#### Data for this exercise

(* Let $\mathcal K$ be a finitely complete 2-category, $\tau:\Omega_\bullet\to\Omega$ a classifying discrete opfibration in $\mathcal K$, and $f:A\to\Omega$ a 1-cell. Let $\tau_f:A_\bullet\to A$ be the pullback of $\tau$ along $f$. Then $\tau_f$ is a classifying discrete opfibration if and only if $f$ is fully faithful.
   Context: A 1-cell $f:A\to B$ in a 2-category $\mathcal K$ is fully faithful if $\mathcal K(X,f):\mathcal K(X,A)\to\mathcal K(X,B)$ is a fully faithful functor for every $X$. A span $(d,E,c)$ from $A$ to $B$ ($d:E\to A$, $c:E\to B$) is a discrete fibration from $A$ to $B$ if for every $X$ the span of categories $\mathcal K(X,A)\leftarrow\mathcal K(X,E)\to\mathcal K(X,B)$ is a discrete fibration: (i) each arrow $u:a\to d(e)$ has a unique lift $\bar u$ with codomain $e$ and $c(\bar u)$ an identity; (ii) each $v:c(e)\to b$ has a unique lift $\bar v$ with domain $e$ and $d(\bar v)$ an identity; (iii) each arrow $h$ equals $\overline{d(h)}\circ\overline{c(h)}$. $\mathrm{DFib}(1,A)$ is the category of discrete fibrations from the terminal object $1$ to $A$ with span maps. $p:E\to B$ is a discrete opfibration if $(!,E,p)$ is a discrete fibration from $1$ to $B$. A discrete opfibration $\tau:\Omega_\bullet\to\Omega$ is classifying if for every $A$ the functor $G_{\tau,A}:\mathcal K(A,\Omega)\to\mathrm{DFib}(1,A)$, sending $g$ to the pullback of $\tau$ along $g$ and a 2-cell $\phi:g\Rightarrow g'$ to the map of pullbacks induced by the unique lifting of $\phi$ through $\tau$, is fully faithful. *)

Definition castC {H : Type} (C : H -> H -> Type) {f f' g g' : H}
  (p : f = f') (q : g = g') (x : C f g) : C f' g' :=
  match p in _ = f0, q in _ = g0 return C f0 g0 with eq_refl, eq_refl => x end.

(* A (strict) 2-category, presented as a category with hom-categories,
   left/right whiskering (a sesquicategory) satisfying the interchange law. *)
Record TwoCat := {
  Ob : Type;
  Hom : Ob -> Ob -> Type;
  Cell : forall {A B : Ob}, Hom A B -> Hom A B -> Type;
  id1 : forall A : Ob, Hom A A;
  comp : forall {A B C : Ob}, Hom B C -> Hom A B -> Hom A C;
  assoc : forall {A B C D : Ob} (h : Hom C D) (g : Hom B C) (f : Hom A B),
      comp h (comp g f) = comp (comp h g) f;
  idl : forall {A B : Ob} (f : Hom A B), comp (id1 B) f = f;
  idr : forall {A B : Ob} (f : Hom A B), comp f (id1 A) = f;
  id2 : forall {A B : Ob} (f : Hom A B), Cell f f;
  vcomp : forall {A B : Ob} {f g h : Hom A B}, Cell g h -> Cell f g -> Cell f h;
  vassoc : forall {A B : Ob} {f g h k : Hom A B} (x : Cell h k) (y : Cell g h) (z : Cell f g),
      vcomp x (vcomp y z) = vcomp (vcomp x y) z;
  vidl : forall {A B : Ob} {f g : Hom A B} (x : Cell f g), vcomp (id2 g) x = x;
  vidr : forall {A B : Ob} {f g : Hom A B} (x : Cell f g), vcomp x (id2 f) = x;
  lw : forall {A B C : Ob} (h : Hom B C) {f g : Hom A B}, Cell f g -> Cell (comp h f) (comp h g);
  rw : forall {A B C : Ob} {f g : Hom B C}, Cell f g -> forall k : Hom A B, Cell (comp f k) (comp g k);
  lw_id2 : forall {A B C : Ob} (h : Hom B C) (f : Hom A B), lw h (id2 f) = id2 (comp h f);
  lw_vcomp : forall {A B C : Ob} (h : Hom B C) {f g g' : Hom A B} (x : Cell g g') (y : Cell f g),
      lw h (vcomp x y) = vcomp (lw h x) (lw h y);
  rw_id2 : forall {A B C : Ob} (f : Hom B C) (k : Hom A B), rw (id2 f) k = id2 (comp f k);
  rw_vcomp : forall {A B C : Ob} {f g g' : Hom B C} (x : Cell g g') (y : Cell f g) (k : Hom A B),
      rw (vcomp x y) k = vcomp (rw x k) (rw y k);
  lw_id1 : forall {A B : Ob} {f g : Hom A B} (x : Cell f g),
      castC (@Cell A B) (idl f) (idl g) (lw (id1 B) x) = x;
  rw_id1 : forall {A B : Ob} {f g : Hom A B} (x : Cell f g),
      castC (@Cell A B) (idr f) (idr g) (rw x (id1 A)) = x;
  lw_comp : forall {A B C D : Ob} (k : Hom C D) (h : Hom B C) {f g : Hom A B} (x : Cell f g),
      castC (@Cell A D) (assoc k h f) (assoc k h g) (lw k (lw h x)) = lw (comp k h) x;
  rw_comp : forall {A B C D : Ob} {f g : Hom C D} (x : Cell f g) (h : Hom B C) (k : Hom A B),
      castC (@Cell A D) (assoc f h k) (assoc g h k) (rw x (comp h k)) = rw (rw x h) k;
  lw_rw : forall {A B C D : Ob} (h : Hom C D) {f g : Hom B C} (x : Cell f g) (k : Hom A B),
      castC (@Cell A D) (assoc h f k) (assoc h g k) (lw h (rw x k)) = rw (lw h x) k;
  interchange : forall {A B C : Ob} {f g : Hom A B} {h k : Hom B C} (x : Cell f g) (y : Cell h k),
      vcomp (rw y g) (lw h x) = vcomp (lw k x) (rw y f)
}.
(* Let $w$ be the one-sided fixed point starting with $a$ of the Fibonacci substitution, and let $n\ge1$. There exist strictly increasing sequences $(j_k)_{k\ge0}$, $(l_k)_{k\ge0}$, $(m_k)_{k\ge0}$ of even nonnegative integers such that \[C_a(X)=C_{a,R_n}(X)\sum_{k=0}^\infty X^{j_k}+C_{a,S_n}(X)\sum_{k=0}^\infty X^{l_k}+C_{a,T_n}(X)\sum_{k=0}^\infty X^{m_k}\] as formal power series (hence also for all real $X\in(-1,1)$).
   Context: The Fibonacci substitution is $\sigma(a)=ab$, $\sigma(b)=a$, extended to words by concatenation; $w=w_0w_1\ldots=\lim_{m\to\infty}\sigma^m(a)$ is its fixed point starting with $a$, and $C_a(X)=\sum_{n\ge0}1_a(w_n)X^n$. Let $A_n=\sigma^n(a)$, $B_n=\sigma^n(b)$, and $R_n=A_{3n}B_{3n}$, $S_n=A_{3n}A_{3n}$, $T_n=B_{3n}A_{3n}$ (concatenations). With Fibonacci numbers $f_1=f_2=1$, $f_{i+2}=f_{i+1}+f_i$, one has $|A_n|=f_{n+2}$, $|R_n|=|T_n|=f_{3n+3}$, $|S_n|=2f_{3n+2}$, all even. For a finite word $u=u_0\cdots u_L$, $C_{a,u}(X)=\sum_{i=0}^{L}1_a(u_i)X^i$. *)

From mathcomp Require Import all_boot.
Set Implicit Arguments. Unset Strict Implicit. Unset Printing Implicit Defensive.

Inductive letter := La | Lb.

Definition ind_a (x : letter) : nat := if x is La then 1 else 0.

Definition sigma_letter (x : letter) : seq letter :=
  if x is La then [:: La; Lb] else [:: La].
Definition sigma (u : seq letter) : seq letter := flatten (map sigma_letter u).

Definition A (n : nat) : seq letter := iter n sigma [:: La].
Definition B (n : nat) : seq letter := iter n sigma [:: Lb].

#### Instructions for the task
Your answer should hold exactly the lines from the one containing "if x is La then [:: La; Lb] else [:: La]." to the last line of the data, both included, and no others.

#### Written answer
  if x is La then [:: La; Lb] else [:: La].
Definition sigma (u : seq letter) : seq letter := flatten (map sigma_letter u).

Definition A (n : nat) : seq letter := iter n sigma [:: La].
Definition B (n : nat) : seq letter := iter n sigma [:: Lb].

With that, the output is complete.